#### WHAT THE TASK ASKS:
Gather the lines from the material that contain "mnormZ".

#### TASK INPUT:
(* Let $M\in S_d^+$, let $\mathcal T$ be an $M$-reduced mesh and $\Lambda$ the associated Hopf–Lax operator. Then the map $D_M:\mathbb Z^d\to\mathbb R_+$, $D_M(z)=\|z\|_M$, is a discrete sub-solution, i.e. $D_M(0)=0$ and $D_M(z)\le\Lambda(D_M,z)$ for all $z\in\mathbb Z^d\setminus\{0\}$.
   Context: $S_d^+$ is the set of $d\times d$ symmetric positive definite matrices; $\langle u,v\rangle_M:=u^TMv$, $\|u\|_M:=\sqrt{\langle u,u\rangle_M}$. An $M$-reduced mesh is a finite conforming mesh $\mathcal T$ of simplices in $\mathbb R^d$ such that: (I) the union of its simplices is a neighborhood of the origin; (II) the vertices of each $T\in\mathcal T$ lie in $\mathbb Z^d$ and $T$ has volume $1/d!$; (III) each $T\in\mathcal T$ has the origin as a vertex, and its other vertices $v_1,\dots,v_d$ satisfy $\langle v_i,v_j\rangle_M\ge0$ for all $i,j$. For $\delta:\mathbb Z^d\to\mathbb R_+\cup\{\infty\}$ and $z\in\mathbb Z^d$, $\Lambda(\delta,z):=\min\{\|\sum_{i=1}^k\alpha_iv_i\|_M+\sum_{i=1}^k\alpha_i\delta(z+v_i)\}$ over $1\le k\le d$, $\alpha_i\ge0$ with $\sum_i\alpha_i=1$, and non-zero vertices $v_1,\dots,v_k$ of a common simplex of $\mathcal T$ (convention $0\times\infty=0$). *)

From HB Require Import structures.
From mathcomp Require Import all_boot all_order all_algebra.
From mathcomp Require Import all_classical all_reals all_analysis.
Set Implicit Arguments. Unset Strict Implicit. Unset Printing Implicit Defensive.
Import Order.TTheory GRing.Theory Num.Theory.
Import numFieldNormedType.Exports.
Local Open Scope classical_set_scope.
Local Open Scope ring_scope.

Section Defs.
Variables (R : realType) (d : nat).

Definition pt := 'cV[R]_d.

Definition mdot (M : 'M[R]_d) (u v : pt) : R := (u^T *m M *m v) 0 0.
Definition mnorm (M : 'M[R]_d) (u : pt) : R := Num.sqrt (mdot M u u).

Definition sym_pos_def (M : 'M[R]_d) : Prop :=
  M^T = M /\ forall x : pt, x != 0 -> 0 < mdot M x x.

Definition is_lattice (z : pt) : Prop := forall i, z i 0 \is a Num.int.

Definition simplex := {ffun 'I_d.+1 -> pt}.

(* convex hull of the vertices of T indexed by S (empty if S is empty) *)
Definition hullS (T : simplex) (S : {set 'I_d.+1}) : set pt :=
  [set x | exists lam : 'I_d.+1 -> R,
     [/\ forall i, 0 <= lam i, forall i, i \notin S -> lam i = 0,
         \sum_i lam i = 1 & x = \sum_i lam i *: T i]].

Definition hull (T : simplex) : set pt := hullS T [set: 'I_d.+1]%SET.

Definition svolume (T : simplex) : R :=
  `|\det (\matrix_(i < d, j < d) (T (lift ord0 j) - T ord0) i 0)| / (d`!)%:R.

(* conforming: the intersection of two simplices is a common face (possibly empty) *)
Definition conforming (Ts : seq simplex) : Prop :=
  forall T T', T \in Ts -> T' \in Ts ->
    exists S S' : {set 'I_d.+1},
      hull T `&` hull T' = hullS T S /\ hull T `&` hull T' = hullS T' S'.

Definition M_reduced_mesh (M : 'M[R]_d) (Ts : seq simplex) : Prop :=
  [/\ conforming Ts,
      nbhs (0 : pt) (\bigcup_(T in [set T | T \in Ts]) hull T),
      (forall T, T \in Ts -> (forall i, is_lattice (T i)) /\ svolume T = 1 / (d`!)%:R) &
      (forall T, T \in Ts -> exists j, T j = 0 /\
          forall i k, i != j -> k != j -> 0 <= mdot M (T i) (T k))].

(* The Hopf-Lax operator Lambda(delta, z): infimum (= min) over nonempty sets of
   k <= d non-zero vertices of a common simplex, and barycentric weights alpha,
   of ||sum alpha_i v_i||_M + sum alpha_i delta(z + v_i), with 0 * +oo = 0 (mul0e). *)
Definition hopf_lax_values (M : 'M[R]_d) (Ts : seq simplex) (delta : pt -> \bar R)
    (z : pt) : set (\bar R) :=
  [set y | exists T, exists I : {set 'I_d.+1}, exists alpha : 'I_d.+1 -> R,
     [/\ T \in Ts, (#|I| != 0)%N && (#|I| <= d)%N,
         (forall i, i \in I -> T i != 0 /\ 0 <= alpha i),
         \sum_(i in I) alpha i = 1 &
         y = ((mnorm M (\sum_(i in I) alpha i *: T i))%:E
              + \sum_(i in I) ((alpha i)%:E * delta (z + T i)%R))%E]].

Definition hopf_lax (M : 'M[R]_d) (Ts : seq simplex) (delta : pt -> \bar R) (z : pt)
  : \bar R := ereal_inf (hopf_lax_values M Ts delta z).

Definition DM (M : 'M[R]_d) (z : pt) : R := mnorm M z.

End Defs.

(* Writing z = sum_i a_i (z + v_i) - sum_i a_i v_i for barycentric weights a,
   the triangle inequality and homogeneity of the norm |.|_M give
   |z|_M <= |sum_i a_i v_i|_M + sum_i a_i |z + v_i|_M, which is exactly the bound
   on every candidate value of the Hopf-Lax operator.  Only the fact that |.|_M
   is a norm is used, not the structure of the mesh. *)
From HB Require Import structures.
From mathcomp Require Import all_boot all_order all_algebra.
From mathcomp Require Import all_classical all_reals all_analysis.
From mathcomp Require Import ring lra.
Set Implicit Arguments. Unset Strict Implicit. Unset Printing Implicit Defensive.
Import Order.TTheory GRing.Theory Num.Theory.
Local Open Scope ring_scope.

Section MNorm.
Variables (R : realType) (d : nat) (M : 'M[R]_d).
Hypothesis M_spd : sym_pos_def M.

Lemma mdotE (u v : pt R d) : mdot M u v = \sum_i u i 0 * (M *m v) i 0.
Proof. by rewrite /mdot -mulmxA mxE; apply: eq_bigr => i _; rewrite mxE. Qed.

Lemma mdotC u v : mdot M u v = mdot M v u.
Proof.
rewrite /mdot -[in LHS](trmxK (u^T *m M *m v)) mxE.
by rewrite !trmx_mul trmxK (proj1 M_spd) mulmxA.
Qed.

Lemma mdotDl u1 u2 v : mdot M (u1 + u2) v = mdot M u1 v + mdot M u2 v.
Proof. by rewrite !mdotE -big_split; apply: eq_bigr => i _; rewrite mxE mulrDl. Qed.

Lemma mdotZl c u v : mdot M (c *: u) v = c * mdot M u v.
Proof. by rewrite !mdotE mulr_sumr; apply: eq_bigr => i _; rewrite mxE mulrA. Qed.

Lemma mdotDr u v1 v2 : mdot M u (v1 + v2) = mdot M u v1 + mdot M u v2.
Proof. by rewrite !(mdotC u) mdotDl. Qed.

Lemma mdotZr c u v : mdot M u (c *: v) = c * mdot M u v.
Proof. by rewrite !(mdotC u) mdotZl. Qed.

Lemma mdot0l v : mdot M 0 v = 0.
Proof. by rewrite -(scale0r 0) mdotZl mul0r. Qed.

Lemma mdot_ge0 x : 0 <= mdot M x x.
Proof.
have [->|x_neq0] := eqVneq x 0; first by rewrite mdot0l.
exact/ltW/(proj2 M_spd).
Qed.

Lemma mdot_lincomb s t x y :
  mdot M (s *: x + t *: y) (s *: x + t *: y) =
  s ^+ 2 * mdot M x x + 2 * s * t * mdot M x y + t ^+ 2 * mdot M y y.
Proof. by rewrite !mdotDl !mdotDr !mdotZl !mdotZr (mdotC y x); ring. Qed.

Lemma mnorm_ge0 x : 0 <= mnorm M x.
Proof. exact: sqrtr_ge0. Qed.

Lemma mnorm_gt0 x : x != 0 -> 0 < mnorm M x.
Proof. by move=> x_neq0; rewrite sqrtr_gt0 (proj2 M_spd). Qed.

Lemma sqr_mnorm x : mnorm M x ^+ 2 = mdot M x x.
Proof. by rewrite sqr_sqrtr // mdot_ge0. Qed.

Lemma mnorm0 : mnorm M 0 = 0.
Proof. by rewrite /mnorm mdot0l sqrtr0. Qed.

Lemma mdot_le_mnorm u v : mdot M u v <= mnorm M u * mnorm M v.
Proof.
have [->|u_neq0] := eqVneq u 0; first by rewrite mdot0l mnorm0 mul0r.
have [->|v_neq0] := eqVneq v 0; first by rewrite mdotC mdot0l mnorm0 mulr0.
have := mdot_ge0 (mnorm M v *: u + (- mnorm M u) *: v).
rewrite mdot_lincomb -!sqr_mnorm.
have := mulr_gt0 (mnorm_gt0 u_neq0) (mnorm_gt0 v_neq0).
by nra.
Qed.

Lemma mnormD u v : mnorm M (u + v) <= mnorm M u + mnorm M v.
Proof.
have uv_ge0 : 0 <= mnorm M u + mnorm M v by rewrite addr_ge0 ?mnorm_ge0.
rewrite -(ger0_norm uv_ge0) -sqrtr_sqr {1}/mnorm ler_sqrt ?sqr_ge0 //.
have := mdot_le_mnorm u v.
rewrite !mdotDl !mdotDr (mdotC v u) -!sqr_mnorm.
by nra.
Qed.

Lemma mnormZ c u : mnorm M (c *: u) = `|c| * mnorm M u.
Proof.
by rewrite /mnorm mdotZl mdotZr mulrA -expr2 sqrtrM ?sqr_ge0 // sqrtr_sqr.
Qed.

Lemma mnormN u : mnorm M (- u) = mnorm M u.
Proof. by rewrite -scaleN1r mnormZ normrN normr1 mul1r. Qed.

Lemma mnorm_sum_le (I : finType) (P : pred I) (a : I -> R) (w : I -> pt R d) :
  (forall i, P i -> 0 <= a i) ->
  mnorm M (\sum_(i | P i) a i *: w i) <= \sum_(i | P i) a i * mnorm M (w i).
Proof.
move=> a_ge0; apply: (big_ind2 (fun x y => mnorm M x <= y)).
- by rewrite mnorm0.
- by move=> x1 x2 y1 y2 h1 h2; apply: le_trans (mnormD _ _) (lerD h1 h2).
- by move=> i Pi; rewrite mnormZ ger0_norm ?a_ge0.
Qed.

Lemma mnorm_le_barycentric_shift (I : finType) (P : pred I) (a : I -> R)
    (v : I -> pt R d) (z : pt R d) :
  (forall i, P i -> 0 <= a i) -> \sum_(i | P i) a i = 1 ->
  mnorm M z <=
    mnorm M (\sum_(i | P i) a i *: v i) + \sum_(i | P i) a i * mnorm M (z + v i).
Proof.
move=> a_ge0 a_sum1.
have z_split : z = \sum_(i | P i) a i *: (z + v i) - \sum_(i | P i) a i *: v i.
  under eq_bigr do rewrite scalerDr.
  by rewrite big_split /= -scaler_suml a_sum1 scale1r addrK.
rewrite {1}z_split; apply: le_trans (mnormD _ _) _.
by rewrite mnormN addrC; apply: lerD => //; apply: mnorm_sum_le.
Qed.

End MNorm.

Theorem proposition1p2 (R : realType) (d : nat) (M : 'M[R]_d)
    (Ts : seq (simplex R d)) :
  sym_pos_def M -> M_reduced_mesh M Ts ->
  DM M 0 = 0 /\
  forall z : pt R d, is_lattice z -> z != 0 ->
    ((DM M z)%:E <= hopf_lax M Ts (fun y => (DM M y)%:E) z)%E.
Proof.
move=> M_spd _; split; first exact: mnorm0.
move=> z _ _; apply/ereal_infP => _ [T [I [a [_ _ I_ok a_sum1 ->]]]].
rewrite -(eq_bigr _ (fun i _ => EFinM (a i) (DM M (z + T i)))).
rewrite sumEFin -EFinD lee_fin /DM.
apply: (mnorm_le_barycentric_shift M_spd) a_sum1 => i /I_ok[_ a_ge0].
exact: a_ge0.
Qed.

#### ANSWER:
Lemma mnormZ c u : mnorm M (c *: u) = `|c| * mnorm M u.
Proof. by rewrite -scaleN1r mnormZ normrN normr1 mul1r. Qed.
- by move=> i Pi; rewrite mnormZ ger0_norm ?a_ge0.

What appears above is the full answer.